Task to carry out: Once you have read the entries, copy all of them exactly.

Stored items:
(** An absolutely continuous function whose derivative vanishes outside a null
    set is constant on the open interval: for each eps, cover the null set with
    intervals of total length below the AC modulus; Cousin's lemma makes [c,d]
    eps-controlled, so |F d - F c| <= eps (d - c) + eps. *)
Lemma AC_zero_deriv_const_open a b F N :
  abs_continuous_on a b F -> null_set N ->
  (forall x, a < x < b -> ~ N x -> derivable_pt_lim F x 0) ->
  forall c d, a < c -> c <= d -> d < b -> F c = F d.
Proof.
  intros HAC HN HD c d Hac Hcd Hdb.
  apply Rminus_diag_uniq_sym, (eq0_of_le_eps _ (d - c + 1)); [lra|].
  intros eps Heps.
  destruct (HAC eps Heps) as [delta [Hdel Hmod]].
  destruct (HN (delta / 2)) as [an [bn [Hab [Hcov Hsum]]]]; [lra|].
  assert (HP : eps_controlled F eps an bn c d).
  { apply cousin_ind; auto.
    - intros x y z _ Hxy Hyz _. apply eps_controlled_additive; auto.
    - intros t Ht.
      assert (Hgauge : exists r, 0 < r /\ forall x y, x <= t -> t <= y -> y - x < r ->
                         eps_controlled F eps an bn x y).
      { destruct (classic (N t)) as [HNt|HNt].
        - destruct (Hcov t HNt) as [n Hn]. apply (eps_controlled_covered F eps an bn n t); auto; lra.
        - apply eps_controlled_flat; auto. apply HD; auto; lra. }
      destruct Hgauge as [r [Hr Hg]]. exists r. split; auto. }
  destruct HP as [L [M [HL [HF Hlen]]]].
  assert (total_length L < delta).
  { pose proof (cover_budget_nonneg an bn M d). pose proof (cover_budget_le an bn M c Hab).
    specialize (Hsum M). lra. }
  specialize (Hmod L ltac:(eapply nonoverlap_widen; eauto; lra) H).
  lra.
Qed.

(** Constancy on the open interval extends to the closed one by continuity:
    every point is approached by interior points c (toward the midpoint m). *)
Lemma AC_const_closure a b F : a < b -> abs_continuous_on a b F ->
  (forall c d, a < c -> c <= d -> d < b -> F c = F d) ->
  forall x z, a <= x <= b -> a <= z <= b -> F x = F z.
Proof.
  intros Hab HAC Hint.
  set (m := (a + b) / 2).
  assert (Hm : forall x, a <= x <= b -> F x = F m).
  { intros x Hx. apply Rminus_diag_uniq, (eq0_of_le_eps _ 1); [lra|].
    intros eps Heps. destruct (AC_cont a b F x HAC Hx eps Heps) as [r [Hr Hl]].
    set (h := Rmin (1 / 2) (r / (b - a))).
    assert (Hh0 : 0 < h) by (apply Rmin_glb_lt; [lra|apply Rdiv_lt_0_compat; lra]).
    assert (Hh1 : h <= 1 / 2) by apply Rmin_l.
    assert (Hhr : h * (b - a) <= r).
    { apply Rle_trans with (r / (b - a) * (b - a)); [apply Rmult_le_compat_r; [lra|apply Rmin_r]|].
      right; field; lra. }
    set (c := x + (m - x) * h).
    assert (Hc : a < c < b) by (unfold c, m in *; split; nra).
    assert (Fc : F c = F m).
    { destruct (Rle_dec c m); [|symmetry]; apply Hint; unfold m in *; lra. }
    assert (Hcx : Rabs (c - x) < r).
    { unfold c. replace (x + (m - x) * h - x) with ((m - x) * h) by ring.
      rewrite Rabs_mult, (Rabs_right h) by lra.
      assert (Rabs (m - x) <= (b - a) / 2) by (unfold m; apply Rabs_le; lra). nra. }
    specialize (Hl c ltac:(lra) Hcx). rewrite Fc, Rabs_minus_sym in Hl. lra. }
  intros x z Hx Hz. rewrite (Hm x Hx), (Hm z Hz). auto.
Qed.

Lemma AC_zero_deriv_const a b F N : a < b ->
  abs_continuous_on a b F -> null_set N ->
  (forall x, a < x < b -> ~ N x -> derivable_pt_lim F x 0) ->
  forall x z, a <= x <= b -> a <= z <= b -> F x = F z.
Proof.
  intros Hab HAC HN HD. apply AC_const_closure; auto.
  exact (AC_zero_deriv_const_open a b F N HAC HN HD).
Qed.

Lemma has_deriv_on_interior a b f f' x :
  has_deriv_on a b f f' -> a < x < b -> derivable_pt_lim f x (f' x).
Proof.
  intros H Hx eps Heps. destruct (H x ltac:(lra) eps Heps) as [d [Hd Hl]].
  exists (mkposreal (Rmin d (Rmin (x - a) (b - x))) ltac:(repeat apply Rmin_glb_lt; lra)).
  simpl. intros h Hh Hhd.
  pose proof (Rmin_l d (Rmin (x - a) (b - x))). pose proof (Rmin_r d (Rmin (x - a) (b - x))).
  pose proof (Rmin_l (x - a) (b - x)). pose proof (Rmin_r (x - a) (b - x)).
  apply Hl; auto; [lra|]. unfold Rabs in Hhd; destruct (Rcase_abs h); lra.
Qed.

Lemma has_deriv_on_of_deriv a b f f' :
  (forall x, derivable_pt_lim f x (f' x)) -> has_deriv_on a b f f'.
Proof.
  intros H x _ eps Heps. destruct (H x eps Heps) as [d Hd]. exists d.
  split; [apply cond_pos|]. intros h Hh Hhd _. apply Hd; auto.
Qed.

Lemma has_deriv_on_restrict a b c d f f' : has_deriv_on a b f f' -> a <= c -> d <= b ->
  has_deriv_on c d f f'.
Proof.
  intros H Hac Hdb x Hx eps Heps. destruct (H x ltac:(lra) eps Heps) as [r [Hr Hl]].
  exists r. split; auto. intros h Hh Hhr Hxh. apply Hl; auto; lra.
Qed.

Lemma has_deriv_on_local a b f f' t : has_deriv_on a b f f' -> a <= t <= b ->
  exists r, 0 < r /\ forall z, a <= z <= b -> Rabs (z - t) < r ->
    Rabs (f z - f t) <= (Rabs (f' t) + 1) * Rabs (z - t).
Proof.
  intros H Ht. destruct (H t Ht 1 ltac:(lra)) as [r [Hr Hl]]. exists r. split; auto.
  intros z Hz Hzt. destruct (Req_dec z t) as [->|Hne].
  - rewrite !Rminus_diag, Rabs_R0. lra.
  - specialize (Hl (z - t) ltac:(lra) Hzt).
    replace (t + (z - t)) with z in Hl by ring. specialize (Hl Hz).
    replace (f z - f t) with ((f z - f t) / (z - t) * (z - t)) by (field; lra).
    rewrite Rabs_mult. apply Rmult_le_compat_r; [apply Rabs_pos|].
    replace ((f z - f t) / (z - t)) with (((f z - f t) / (z - t) - f' t) + f' t) by ring.
    eapply Rle_trans; [apply Rabs_triang|]. lra.
Qed.

Lemma bounded_of_locally_bounded a b f : a <= b ->
  (forall t, a <= t <= b -> exists r, 0 < r /\
     forall z, a <= z <= b -> Rabs (z - t) < r -> Rabs (f z - f t) <= 1) ->
  exists K, forall z, a <= z <= b -> Rabs (f z) <= K.
Proof.
  intros Hab Hl.
  apply (cousin_ind a b (fun x y => exists K, forall z, x <= z <= y -> Rabs (f z) <= K)); auto.
  - intros x y z _ _ _ _ [K1 H1] [K2 H2]. exists (Rmax K1 K2). intros s Hs.
    destruct (Rle_dec s y).
    + eapply Rle_trans; [apply H1; lra|apply Rmax_l].
    + eapply Rle_trans; [apply H2; lra|apply Rmax_r].
  - intros t Ht. destruct (Hl t Ht) as [r [Hr H]]. exists r. split; auto.
    intros x y Hax Hxt Hty Hyb Hxy. exists (Rabs (f t) + 1). intros z Hz.
    assert (Rabs (f z - f t) <= 1) by (apply H; [lra|apply Rabs_def1; lra]).
    replace (f z) with ((f z - f t) + f t) by ring.
    eapply Rle_trans; [apply Rabs_triang|]. lra.
Qed.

Expected answer:
(** An absolutely continuous function whose derivative vanishes outside a null
    set is constant on the open interval: for each eps, cover the null set with
    intervals of total length below the AC modulus; Cousin's lemma makes [c,d]
    eps-controlled, so |F d - F c| <= eps (d - c) + eps. *)
Lemma AC_zero_deriv_const_open a b F N :
  abs_continuous_on a b F -> null_set N ->
  (forall x, a < x < b -> ~ N x -> derivable_pt_lim F x 0) ->
  forall c d, a < c -> c <= d -> d < b -> F c = F d.
Proof.
  intros HAC HN HD c d Hac Hcd Hdb.
  apply Rminus_diag_uniq_sym, (eq0_of_le_eps _ (d - c + 1)); [lra|].
  intros eps Heps.
  destruct (HAC eps Heps) as [delta [Hdel Hmod]].
  destruct (HN (delta / 2)) as [an [bn [Hab [Hcov Hsum]]]]; [lra|].
  assert (HP : eps_controlled F eps an bn c d).
  { apply cousin_ind; auto.
    - intros x y z _ Hxy Hyz _. apply eps_controlled_additive; auto.
    - intros t Ht.
      assert (Hgauge : exists r, 0 < r /\ forall x y, x <= t -> t <= y -> y - x < r ->
                         eps_controlled F eps an bn x y).
      { destruct (classic (N t)) as [HNt|HNt].
        - destruct (Hcov t HNt) as [n Hn]. apply (eps_controlled_covered F eps an bn n t); auto; lra.
        - apply eps_controlled_flat; auto. apply HD; auto; lra. }
      destruct Hgauge as [r [Hr Hg]]. exists r. split; auto. }
  destruct HP as [L [M [HL [HF Hlen]]]].
  assert (total_length L < delta).
  { pose proof (cover_budget_nonneg an bn M d). pose proof (cover_budget_le an bn M c Hab).
    specialize (Hsum M). lra. }
  specialize (Hmod L ltac:(eapply nonoverlap_widen; eauto; lra) H).
  lra.
Qed.

(** Constancy on the open interval extends to the closed one by continuity:
    every point is approached by interior points c (toward the midpoint m). *)
Lemma AC_const_closure a b F : a < b -> abs_continuous_on a b F ->
  (forall c d, a < c -> c <= d -> d < b -> F c = F d) ->
  forall x z, a <= x <= b -> a <= z <= b -> F x = F z.
Proof.
  intros Hab HAC Hint.
  set (m := (a + b) / 2).
  assert (Hm : forall x, a <= x <= b -> F x = F m).
  { intros x Hx. apply Rminus_diag_uniq, (eq0_of_le_eps _ 1); [lra|].
    intros eps Heps. destruct (AC_cont a b F x HAC Hx eps Heps) as [r [Hr Hl]].
    set (h := Rmin (1 / 2) (r / (b - a))).
    assert (Hh0 : 0 < h) by (apply Rmin_glb_lt; [lra|apply Rdiv_lt_0_compat; lra]).
    assert (Hh1 : h <= 1 / 2) by apply Rmin_l.
    assert (Hhr : h * (b - a) <= r).
    { apply Rle_trans with (r / (b - a) * (b - a)); [apply Rmult_le_compat_r; [lra|apply Rmin_r]|].
      right; field; lra. }
    set (c := x + (m - x) * h).
    assert (Hc : a < c < b) by (unfold c, m in *; split; nra).
    assert (Fc : F c = F m).
    { destruct (Rle_dec c m); [|symmetry]; apply Hint; unfold m in *; lra. }
    assert (Hcx : Rabs (c - x) < r).
    { unfold c. replace (x + (m - x) * h - x) with ((m - x) * h) by ring.
      rewrite Rabs_mult, (Rabs_right h) by lra.
      assert (Rabs (m - x) <= (b - a) / 2) by (unfold m; apply Rabs_le; lra). nra. }
    specialize (Hl c ltac:(lra) Hcx). rewrite Fc, Rabs_minus_sym in Hl. lra. }
  intros x z Hx Hz. rewrite (Hm x Hx), (Hm z Hz). auto.
Qed.

Lemma AC_zero_deriv_const a b F N : a < b ->
  abs_continuous_on a b F -> null_set N ->
  (forall x, a < x < b -> ~ N x -> derivable_pt_lim F x 0) ->
  forall x z, a <= x <= b -> a <= z <= b -> F x = F z.
Proof.
  intros Hab HAC HN HD. apply AC_const_closure; auto.
  exact (AC_zero_deriv_const_open a b F N HAC HN HD).
Qed.

Lemma has_deriv_on_interior a b f f' x :
  has_deriv_on a b f f' -> a < x < b -> derivable_pt_lim f x (f' x).
Proof.
  intros H Hx eps Heps. destruct (H x ltac:(lra) eps Heps) as [d [Hd Hl]].
  exists (mkposreal (Rmin d (Rmin (x - a) (b - x))) ltac:(repeat apply Rmin_glb_lt; lra)).
  simpl. intros h Hh Hhd.
  pose proof (Rmin_l d (Rmin (x - a) (b - x))). pose proof (Rmin_r d (Rmin (x - a) (b - x))).
  pose proof (Rmin_l (x - a) (b - x)). pose proof (Rmin_r (x - a) (b - x)).
  apply Hl; auto; [lra|]. unfold Rabs in Hhd; destruct (Rcase_abs h); lra.
Qed.

Lemma has_deriv_on_of_deriv a b f f' :
  (forall x, derivable_pt_lim f x (f' x)) -> has_deriv_on a b f f'.
Proof.
  intros H x _ eps Heps. destruct (H x eps Heps) as [d Hd]. exists d.
  split; [apply cond_pos|]. intros h Hh Hhd _. apply Hd; auto.
Qed.

Lemma has_deriv_on_restrict a b c d f f' : has_deriv_on a b f f' -> a <= c -> d <= b ->
  has_deriv_on c d f f'.
Proof.
  intros H Hac Hdb x Hx eps Heps. destruct (H x ltac:(lra) eps Heps) as [r [Hr Hl]].
  exists r. split; auto. intros h Hh Hhr Hxh. apply Hl; auto; lra.
Qed.

Lemma has_deriv_on_local a b f f' t : has_deriv_on a b f f' -> a <= t <= b ->
  exists r, 0 < r /\ forall z, a <= z <= b -> Rabs (z - t) < r ->
    Rabs (f z - f t) <= (Rabs (f' t) + 1) * Rabs (z - t).
Proof.
  intros H Ht. destruct (H t Ht 1 ltac:(lra)) as [r [Hr Hl]]. exists r. split; auto.
  intros z Hz Hzt. destruct (Req_dec z t) as [->|Hne].
  - rewrite !Rminus_diag, Rabs_R0. lra.
  - specialize (Hl (z - t) ltac:(lra) Hzt).
    replace (t + (z - t)) with z in Hl by ring. specialize (Hl Hz).
    replace (f z - f t) with ((f z - f t) / (z - t) * (z - t)) by (field; lra).
    rewrite Rabs_mult. apply Rmult_le_compat_r; [apply Rabs_pos|].
    replace ((f z - f t) / (z - t)) with (((f z - f t) / (z - t) - f' t) + f' t) by ring.
    eapply Rle_trans; [apply Rabs_triang|]. lra.
Qed.

Lemma bounded_of_locally_bounded a b f : a <= b ->
  (forall t, a <= t <= b -> exists r, 0 < r /\
     forall z, a <= z <= b -> Rabs (z - t) < r -> Rabs (f z - f t) <= 1) ->
  exists K, forall z, a <= z <= b -> Rabs (f z) <= K.
Proof.
  intros Hab Hl.
  apply (cousin_ind a b (fun x y => exists K, forall z, x <= z <= y -> Rabs (f z) <= K)); auto.
  - intros x y z _ _ _ _ [K1 H1] [K2 H2]. exists (Rmax K1 K2). intros s Hs.
    destruct (Rle_dec s y).
    + eapply Rle_trans; [apply H1; lra|apply Rmax_l].
    + eapply Rle_trans; [apply H2; lra|apply Rmax_r].
  - intros t Ht. destruct (Hl t Ht) as [r [Hr H]]. exists r. split; auto.
    intros x y Hax Hxt Hty Hyb Hxy. exists (Rabs (f t) + 1). intros z Hz.
    assert (Rabs (f z - f t) <= 1) by (apply H; [lra|apply Rabs_def1; lra]).
    replace (f z) with ((f z - f t) + f t) by ring.
    eapply Rle_trans; [apply Rabs_triang|]. lra.
Qed.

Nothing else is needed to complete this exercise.